GBrain Deep Dive: Garry Tan's 146K-Page AI Brain

On April 5, 2026, YC President Garry Tan released GBrain on GitHub. Less than three months later: 24,615 stars, 3,547 forks, MIT license, TypeScript.

This is not an ordinary open-source project. This is the AI agent brain that Garry Tan uses every day — managing knowledge across 146,646 pages, 24,585 people, and 5,339 companies, with 66 cron jobs running autonomously. His agent ingests meetings, emails, tweets, voice calls, and original ideas while he sleeps. It enriches every person and company it encounters, fixes its own citations, and consolidates memory overnight.

"I wake up smarter than when I went to bed — and so will you."

What GBrain Is

GBrain's positioning is razor-sharp: search gives you raw pages, GBrain gives you the answer.

Most personal knowledge tools give you "keyword matching + grep" — a list of relevant pages you have to read yourself. GBrain adds two things on top:

  1. A synthesis layer: synthesized, well-cited prose across people, companies, deals, and ideas — with an explicit note on what the brain doesn't know yet
  2. A self-wiring knowledge graph: every page write extracts entity refs and creates typed edges (attended, works_at, invested_in) with zero LLM calls

Here's an example. You have a meeting with Alice tomorrow and want to know what to prepare.

Typical tools return: a list of 5 relevant pages you have to open and read yourself.

GBrain returns:

Alice runs engineering at Acme (a series-B fintech).

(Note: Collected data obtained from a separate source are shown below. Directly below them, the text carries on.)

(* Fix a round $r$. Let $\mathcal V^r$ be the multiset of all disseminated perturbed adoption vectors in round $r$, $V^r=|\mathcal V^r|$, and for each agent $i$ let $\mathcal V^r_i\subseteq\mathcal V^r$ be the sub-multiset sampled by $i$, $V^r_i=|\mathcal V^r_i|$. Let $\Lambda^r_{i,j}=\frac1{V^r_i}\sum_{\widetilde{\mathbf X}\in\mathcal V^r_i}[\widetilde{\mathbf X}]_j$ and $\Lambda^r_j=\frac1{V^r}\sum_{\widetilde{\mathbf X}\in\mathcal V^r}[\widetilde{\mathbf X}]_j$. Assume the $\frac1{N^3}$-nearly uniform distribution holds in round $r$, i.e., each token independently ends at each given agent with probability in $[\frac1N-\frac1{N^3},\frac1N+\frac1{N^3}]$ (which happens with probability at least $1-N^{-h/3}$). Then for all agents $i$ and options $j$, $$\xi_0\le\frac{\mathbb E\left[\Lambda^r_{i,j}\,\middle|\,V^r_i,\widetilde{\mathcal X}^r\right]}{\Lambda^r_j}\le\xi_1,$$ where $$\xi_0=\left(1-\frac{2}{N^2+1}\right)^{V^r_i}\left(1-\frac{2}{N^3-N^2+1}\right)^{V^r-V^r_i},\qquad \xi_1=\left(1+\frac{2}{N^2-1}\right)^{V^r_i}\left(1+\frac{2}{N^3-N^2-1}\right)^{V^r-V^r_i}.$$
   Context: Agents $\mathcal N=\{1,\dots,N\}$ form a connected non-bipartite graph. In round $r$, each agent that adopted an option in round $r-1$ has a perturbed adoption vector $\widetilde{\mathbf X}^r_i\in\{0,1\}^M$ (obtained by independently flipping each coordinate of its adoption vector with probability $\frac1{e^{\varepsilon/2}+1}$); $\widetilde{\mathcal X}^r=\{\widetilde{\mathbf X}^r_i\}_i$. Each such agent launches $hg(N)$ independent Metropolis–Hastings random walk tokens carrying its vector (so $\mathcal V^r$ consists of $hg(N)$ copies of each perturbed vector), where $h=16\sigma/(1-\beta)$, $\sigma\ge11$, $\beta\in(1/2,1)$, and $g:\mathbb N^+\to\mathbb R$ satisfies $\ell\ln N<g(N)<\ell N$ for every $\ell>0$ and all sufficiently large $N$. A token is sampled by the agent at which its walk ends. $[\widetilde{\mathbf X}]_j$ denotes the $j$-th coordinate. *)

From mathcomp Require Import all_boot all_order all_algebra.
Set Implicit Arguments. Unset Strict Implicit. Unset Printing Implicit Defensive.
Import Order.TTheory GRing.Theory Num.Theory.
Local Open Scope ring_scope.

(* Tokens are indexed by 'I_V (V = V^r = |calV^r|); token t
   carries the perturbed vector x t : 'I_M -> bool.  The perturbed vectors
   (hence x) are fixed: everything is conditioned on tilde-calX^r.
   Agents are 'I_N.  An outcome is an endpoint assignment
   a : {ffun 'I_V -> 'I_N} (token t ends, and is sampled, at agent a t).
   Tokens end independently, token t at agent k with probability p t k. *)

Section Defs.
Variables (R : realFieldType) (N M V : nat).
Variables (x : 'I_V -> 'I_M -> bool) (p : 'I_V -> 'I_N -> R).

Definition prob (a : {ffun 'I_V -> 'I_N}) : R := \prod_(t < V) p t (a t).

Definition sampled (i : 'I_N) (a : {ffun 'I_V -> 'I_N}) : {set 'I_V} :=
  [set t | a t == i].

Definition Vi (i : 'I_N) (a : {ffun 'I_V -> 'I_N}) : nat := #|sampled i a|.

Definition Lam_ij (i : 'I_N) (j : 'I_M) (a : {ffun 'I_V -> 'I_N}) : R :=
  (\sum_(t in sampled i a) (x t j)%:R) / (Vi i a)%:R.

Definition Lam_j (j : 'I_M) : R := (\sum_(t < V) (x t j)%:R) / V%:R.

Definition prob_Vi (i : 'I_N) (n : nat) : R :=
  \sum_(a : {ffun 'I_V -> 'I_N} | Vi i a == n) prob a.

Definition cond_exp_Lam (i : 'I_N) (j : 'I_M) (n : nat) : R :=
  (\sum_(a : {ffun 'I_V -> 'I_N} | Vi i a == n) prob a * Lam_ij i j a)
    / prob_Vi i n.

End Defs.

Definition nearly_uniform (R : realFieldType) (N V : nat)
  (p : 'I_V -> 'I_N -> R) : Prop :=
  (forall t, \sum_(k < N) p t k = 1) /\
  (forall t k, (N%:R)^-1 - (N%:R ^+ 3)^-1 <= p t k <= (N%:R)^-1 + (N%:R ^+ 3)^-1).

Definition xi0 (R : realFieldType) (N V n : nat) : R :=
  (1 - 2 / (N%:R ^+ 2 + 1)) ^+ n *
  (1 - 2 / (N%:R ^+ 3 - N%:R ^+ 2 + 1)) ^+ (V - n).

Definition xi1 (R : realFieldType) (N V n : nat) : R :=
  (1 + 2 / (N%:R ^+ 2 - 1)) ^+ n *
  (1 + 2 / (N%:R ^+ 3 - N%:R ^+ 2 - 1)) ^+ (V - n).

From mathcomp Require Import all_boot all_order all_algebra all_fingroup.
From mathcomp Require Import lra ring.
Import Order.TTheory GRing.Theory Num.Theory.
Local Open Scope ring_scope.
Set Implicit Arguments. Unset Strict Implicit. Unset Printing Implicit Defensive.

(* Given V_i = n, the set S of tokens sampled by agent i has weight
   w(S) = prod_(t in S) p_t(i) * prod_(t notin S) (1 - p_t(i)), and Lambda_{i,j}
   is the average of [X_t]_j over S.  Near-uniformity puts every w(S) with
   |S| = n between lo = l^n (1 - u)^(V-n) and hi = u^n (1 - l)^(V-n), where
   l, u = 1/N -+ 1/N^3.  The conditional expectation is thus a weighted mean,
   within the factors lo/hi and hi/lo of the unweighted mean over all n-subsets,
   and by symmetry that unweighted mean is Lambda_j.  Finally xi_0 = lo/hi and
   xi_1 = hi/lo. *)

Lemma weighted_mean_ratio_bounds (R : realFieldType) (I : finType) (P : {pred I})
    (w f : I -> R) (lo hi : R) :
  0 < lo -> (forall s, s \in P -> lo <= w s <= hi) ->
  (forall s, s \in P -> 0 <= f s) -> 0 < (\sum_(s in P) f s) / #|P|%:R ->
  lo / hi <= ((\sum_(s in P) w s * f s) / \sum_(s in P) w s)
               / ((\sum_(s in P) f s) / #|P|%:R) <= hi / lo.
Proof.
move=> lo_gt0 w_bnd f_ge0 mean_gt0.
set F := \sum_(s in P) f s in mean_gt0 *; set W := \sum_(s in P) w s.
set G := \sum_(s in P) w s * f s; set k : R := #|P|%:R in mean_gt0 *.
have F_gt0 : 0 < F.
  rewrite lt0r sumr_ge0 ?andbT //; apply: contraTneq mean_gt0 => ->.
  by rewrite mul0r ltxx.
have k_gt0 : 0 < k.
  rewrite lt0r ler0n andbT; apply: contraTneq mean_gt0 => ->.
  by rewrite invr0 mulr0 ltxx.
have /andP[W_lo W_hi] : lo * k <= W <= hi * k.
  rewrite /k !mulr_natr -!sumr_const.
  by apply/andP; split; apply: ler_sum => s /w_bnd /andP[].
have /andP[G_lo G_hi] : lo * F <= G <= hi * F.
  rewrite /F !mulr_sumr.
  by apply/andP; split; apply: ler_sum => s Ps;
    rewrite ler_wpM2r ?f_ge0 //; case/andP: (w_bnd s Ps).
have hi_gt0 : 0 < hi.
  by have := le_trans W_lo W_hi; rewrite ler_pM2r // => /(lt_le_trans lo_gt0).
have W_gt0 : 0 < W by apply: lt_le_trans W_lo; rewrite mulr_gt0.
have -> : G / W / (F / k) = (G * k) / (W * F) by rewrite invf_div mulf_div mulrC.
have loF_gt0 : 0 < lo * F by rewrite mulr_gt0.
have hiF_gt0 : 0 < hi * F by rewrite mulr_gt0.
have lok_gt0 : 0 < lo * k by rewrite mulr_gt0.
have hik_gt0 : 0 < hi * k by rewrite mulr_gt0.
apply/andP; split.
- by rewrite ler_pdivlMr ?mulr_gt0 // mulrAC ler_pdivrMr //; nra.
- by rewrite ler_pdivlMr // mulrAC ler_pdivrMr ?mulr_gt0 //; nra.
Qed.

Section Draws.
Variables (T : finType) (n : nat).

Let draws := [set S : {set T} | #|S| == n].
Let draws_with t := [set S in draws | t \in S].

Lemma card_draws_with t t' : #|draws_with t| = #|draws_with t'|.
Proof.
suff le_draws_with u u' : (#|draws_with u| <= #|draws_with u'|)%N.
  by apply/eqP; rewrite eqn_leq !le_draws_with.
rewrite -(card_imset _ (imset_inj (@perm_inj _ (tperm u u')))).
apply/subset_leq_card/subsetP => _ /imsetP[S + ->]; rewrite !inE => /andP[nS uS].
rewrite card_imset ?nS; last exact: perm_inj.
by rewrite -{1}(tpermL u u') mem_imset //; exact: perm_inj.
Qed.

Lemma sum_draws_exchange (M : nmodType) (f : T -> M) :
  \sum_(S in draws) \sum_(t in S) f t = \sum_t f t *+ #|draws_with t|.
Proof.
rewrite (exchange_big_dep xpredT) //=; apply: eq_bigr => t _.
by rewrite -sumr_const; apply: eq_bigl => S; rewrite !inE.
Qed.

Lemma card_draws_with_mul t : (#|draws_with t| * #|T| = n * 'C(#|T|, n))%N.
Proof.
have -> : (#|draws_with t| * #|T| = \sum_(t' : T) #|draws_with t'|)%N.
  rewrite (eq_bigr (fun=> #|draws_with t|)) => [|t' _]; last exact: card_draws_with.
  by rewrite sum_nat_const mulnC.
rewrite -card_draws mulnC -sum_nat_const.
transitivity (\sum_(t' : T) \sum_(S in draws | t' \in S) 1)%N.
  by apply: eq_bigr => t' _; rewrite -sum1_card; apply: eq_bigl => S; rewrite !inE.
rewrite (exchange_big_dep (mem draws)) /=; last by move=> t' S _ /andP[].
apply: eq_bigr => S; rewrite inE => /eqP <-.
by rewrite eqxx sum1_card.
Qed.

Lemma sum_draws_sum (M : nmodType) (f : T -> M) :
  (\sum_(S in draws) \sum_(t in S) f t) *+ #|T| = (\sum_t f t) *+ (n * 'C(#|T|, n)).
Proof.
rewrite sum_draws_exchange -!sumrMnl; apply: eq_bigr => t _.
by rewrite -mulrnA card_draws_with_mul.
Qed.

Lemma mean_draws_mean (R : numFieldType) (f : T -> R) : (0 < n <= #|T|)%N ->
  (\sum_(S in draws) ((\sum_(t in S) f t) / n%:R)) / #|draws|%:R
    = (\sum_t f t) / #|T|%:R.
Proof.
case/andP=> n_gt0 n_le_T; rewrite -mulr_suml card_draws -mulrA -invfM -natrM.
have T_gt0 : (0 < #|T|)%N by apply: leq_trans n_le_T.
apply/eqP; rewrite eqr_div ?pnatr_eq0 -?lt0n ?muln_gt0 ?n_gt0 ?bin_gt0 //.
by rewrite !mulr_natr sum_draws_sum.
Qed.
End Draws.

Lemma prodr_if_mem (R : comPzSemiRingType) (T : finType) (S : {set T}) (a b : R) :
  \prod_t (if t \in S then a else b) = a ^+ #|S| * b ^+ (#|T| - #|S|).
Proof.
rewrite big_if /= !prodr_const -(cardsC S) addKn; congr (_ * _ ^+ _).
by apply: eq_card => t; rewrite inE.
Qed.

Section SampledSet.
Variables (R : realFieldType) (N V : nat) (p : 'I_V -> 'I_N -> R) (i : 'I_N).

Definition prob_sampled (S : {set 'I_V}) : R :=
  \prod_(t < V) (if t \in S then p t i else 1 - p t i).

Lemma prob_sampled_bounds (l u : R) (S : {set 'I_V}) :
  (forall t, l <= p t i <= u) -> 0 <= l -> u <= 1 ->
  l ^+ #|S| * (1 - u) ^+ (V - #|S|) <= prob_sampled S
    <= u ^+ #|S| * (1 - l) ^+ (V - #|S|).
Proof.
move=> p_bnd l_ge0 u_le1.
have prodE (a b : R) :
    \prod_(t < V) (if t \in S then a else b) = a ^+ #|S| * b ^+ (V - #|S|).
  by rewrite prodr_if_mem card_ord.
rewrite -!prodE.
by apply/andP; split; apply: ler_prod => t _; have /andP[] := p_bnd t;
  case: (t \in S) => ? ?; apply/andP; split; lra.
Qed.

Hypothesis p_sum1 : forall t, \sum_(k < N) p t k = 1.

Lemma sum_prob_sampled (S : {set 'I_V}) :
  \sum_(a | sampled i a == S) prob p a = prob_sampled S.
Proof.
(* In the expansion of prod_t sum_k q t k, the term of an assignment a is
   prob p a if a samples exactly S, and 0 otherwise. *)
pose q t k := if (k == i) == (t \in S) then p t k else 0.
have -> : prob_sampled S = \prod_(t < V) \sum_(k < N) q t k.
  apply: eq_bigr => t _; rewrite /q; case: (t \in S).
    by rewrite -big_mkcond /= (big_pred1 i) // => k; rewrite /= eqb_id.
  rewrite -big_mkcond /= -(p_sum1 t) (bigD1 i) //= addrAC subrr add0r.
  by apply: eq_bigl => k; rewrite eqbF_neg.
rewrite bigA_distr_bigA /= big_mkcond /=; apply: eq_bigr => a _.
case: eqP => [aS|aS].
  by apply: eq_bigr => t _; rewrite /q -aS /sampled inE eqxx.
have /existsP[t /negbTE at_S] : [exists t, (a t == i) != (t \in S)].
  apply: contra_notT aS => /existsPn a_S; apply/setP => t; rewrite /sampled inE.
  by move: (a_S t); rewrite negbK => /eqP.
by rewrite (bigD1 t) //= /q at_S mul0r.
Qed.

Lemma sum_prob_Vi_sampled (n : nat) (g : {set 'I_V} -> R) :
  \sum_(a | Vi i a == n) prob p a * g (sampled i a)
    = \sum_(S in [set S : {set 'I_V} | #|S| == n]) prob_sampled S * g S.
Proof.
rewrite (partition_big (sampled i) (mem [set S : {set 'I_V} | #|S| == n])) /=;
  last by move=> a; rewrite inE.
apply: eq_bigr => S; rewrite inE => /eqP nS.
rewrite -sum_prob_sampled mulr_suml; apply: eq_big => [a|a /andP[_ /eqP ->] //].
by rewrite /Vi; case: (sampled i a =P S) => [->|]; rewrite ?nS ?eqxx ?andbF.
Qed.

Lemma cond_exp_Lam_sampled (M : nat) (x : 'I_V -> 'I_M -> bool) (j : 'I_M) (n : nat) :
  cond_exp_Lam x p i j n
    = (\sum_(S in [set S : {set 'I_V} | #|S| == n])
         prob_sampled S * ((\sum_(t in S) (x t j)%:R) / n%:R))
      / \sum_(S in [set S : {set 'I_V} | #|S| == n]) prob_sampled S.
Proof.
rewrite /cond_exp_Lam /prob_Vi; congr (_ / _).
  rewrite (sum_prob_Vi_sampled _ (fun S => (\sum_(t in S) (x t j)%:R) / #|S|%:R)).
  by apply: eq_bigr => S; rewrite inE => /eqP ->.
rewrite (eq_bigr (fun a => prob p a * 1)) => [|a _]; last by rewrite mulr1.
by rewrite (sum_prob_Vi_sampled _ (fun=> 1)); apply: eq_bigr => S _; rewrite mulr1.
Qed.
End SampledSet.

Section NearlyUniformWeights.
Variables (R : realFieldType) (y : R) (V n : nat).

Definition unif_lo : R := y^-1 - (y ^+ 3)^-1.
Definition unif_hi : R := y^-1 + (y ^+ 3)^-1.

Definition weight_lo : R := unif_lo ^+ n * (1 - unif_hi) ^+ (V - n).
Definition weight_hi : R := unif_hi ^+ n * (1 - unif_lo) ^+ (V - n).

Hypothesis y_ge3 : 3 <= y.

Let y_neq0 : y != 0. Proof. by rewrite gt_eqF //; move: y_ge3; lra. Qed.
Let y2_gt1 : 1 < y ^+ 2. Proof. by rewrite expr2; move: y_ge3; nra. Qed.
Let y3_gt : y ^+ 2 + 1 < y ^+ 3.
Proof. by rewrite exprS; move: y_ge3 y2_gt1; nra. Qed.
Let y3_gt0 : 0 < y ^+ 3. Proof. by move: y2_gt1 y3_gt; lra. Qed.

Let unif_loE : unif_lo = (y ^+ 2 - 1) / y ^+ 3.
Proof. by rewrite /unif_lo; field. Qed.

Let unif_hiE : unif_hi = (y ^+ 2 + 1) / y ^+ 3.
Proof. by rewrite /unif_hi; field. Qed.

Lemma unif_lo_gt0 : 0 < unif_lo.
Proof. by rewrite unif_loE divr_gt0 ?subr_gt0. Qed.

Lemma unif_hi_lt1 : unif_hi < 1.
Proof. by rewrite unif_hiE ltr_pdivrMr // mul1r. Qed.

Lemma weight_lo_gt0 : 0 < weight_lo.
Proof.
by rewrite mulr_gt0 // exprn_gt0 ?unif_lo_gt0 // subr_gt0 unif_hi_lt1.
Qed.

Lemma unif_ratios :
  [/\ 1 + 2 / (y ^+ 2 - 1) = unif_hi / unif_lo,
      1 + 2 / (y ^+ 3 - y ^+ 2 - 1) = (1 - unif_lo) / (1 - unif_hi),
      1 - 2 / (y ^+ 2 + 1) = unif_lo / unif_hi &
      1 - 2 / (y ^+ 3 - y ^+ 2 + 1) = (1 - unif_hi) / (1 - unif_lo)].
Proof.
rewrite /unif_lo /unif_hi; split; field;
  by rewrite y_neq0 /=; apply: lt0r_neq0; rewrite -?exprSr; move: y2_gt1 y3_gt; lra.
Qed.

End NearlyUniformWeights.

Lemma xi0E (R : realFieldType) (N V n : nat) : (3 : R) <= N%:R ->
  xi0 R N V n = weight_lo N%:R V n / weight_hi N%:R V n.
Proof.
move=> N_ge3; rewrite /xi0; have [_ _ -> ->] := unif_ratios N_ge3.
by rewrite !expr_div_n mulf_div.
Qed.

Lemma xi1E (R : realFieldType) (N V n : nat) : (3 : R) <= N%:R ->
  xi1 R N V n = weight_hi N%:R V n / weight_lo N%:R V n.
Proof.
move=> N_ge3; rewrite /xi1; have [-> -> _ _] := unif_ratios N_ge3.
by rewrite !expr_div_n mulf_div.
Qed.

Unset Implicit Arguments. Set Strict Implicit.

Theorem lemma7 (R : realFieldType) (N M V : nat)
  (x : 'I_V -> 'I_M -> bool) (p : 'I_V -> 'I_N -> R) :
  (2 < N)%N ->
  nearly_uniform p ->
  forall (i : 'I_N) (j : 'I_M) (n : nat),
    (0 < n)%N -> 0 < prob_Vi p i n -> 0 < Lam_j R x j ->
    xi0 R N V n <= cond_exp_Lam x p i j n / Lam_j R x j <= xi1 R N V n.
Proof.
move=> N_gt2 [p_sum1 p_bnd] i j n n_gt0 Vi_gt0 Lam_gt0.
have N_ge3 : (3 : R) <= N%:R by rewrite ler_nat.
have n_le_V : (n <= V)%N.
  have /existsP[a /eqP <-] : [exists a : {ffun 'I_V -> 'I_N}, Vi i a == n].
    apply: contraTT Vi_gt0 => /existsPn Vi_neq.
    by rewrite /prob_Vi big_pred0 ?ltxx // => a; exact/negbTE/Vi_neq.
  by rewrite -[V in (_ <= V)%N]card_ord max_card.
rewrite xi0E // xi1E // cond_exp_Lam_sampled //.
rewrite /Lam_j -[V in _ / V%:R]card_ord -(mean_draws_mean (n := n)) in Lam_gt0 *;
  last by rewrite card_ord n_gt0.
apply: weighted_mean_ratio_bounds => //; first exact: weight_lo_gt0.
- move=> S; rewrite inE => /eqP <-; apply: prob_sampled_bounds => [t||].
  + exact: p_bnd.
  + exact/ltW/unif_lo_gt0.
  + exact/ltW/unif_hi_lt1.
- by move=> S _; rewrite divr_ge0 ?sumr_ge0.
Qed.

You last spoke
on April 22 in a quick pricing chat. Three things are still open
from that conversation:

1. She owes you the security review for the new tier
   (deadline was May 1; no update since).
2. You committed to pricing for a 500-seat tier
   (you sent it April 25; no response yet).
3. She mentioned they're hiring a CISO; you said you'd intro
   someone from your network.

Heads up: nothing's been added to the brain about Alice or Acme
since April 22, six weeks ago. She may have replied through email
or Slack DM, channels the brain doesn't see. Worth asking her to
catch up before assuming any of this is still current.

Every claim has a source page. The "heads up" at the end tells you what the brain doesn't know yet — this is GBrain's most distinctive design: gap analysis.

Core Architecture

GBrain's architecture is built around four core mechanisms:

1. Hybrid Retrieval: Vector + Keyword + Graph Signals

GBrain's retrieval is not simple vector similarity search. It's a multi-layer pipeline:

Query → Query Rewriting (intent-aware) → Vector Search (HNSW on pgvector)
      → BM25 Keyword Search
      → Reciprocal Rank Fusion (RRF)
      → Source-Tier Boost
      → Graph Signal Enhancement (adjacency boost, cross-source boost, session demote)
      → Reranking (ZeroEntropy reranker)
      → Best-Chunk Pooling (strongest evidence chunk per page)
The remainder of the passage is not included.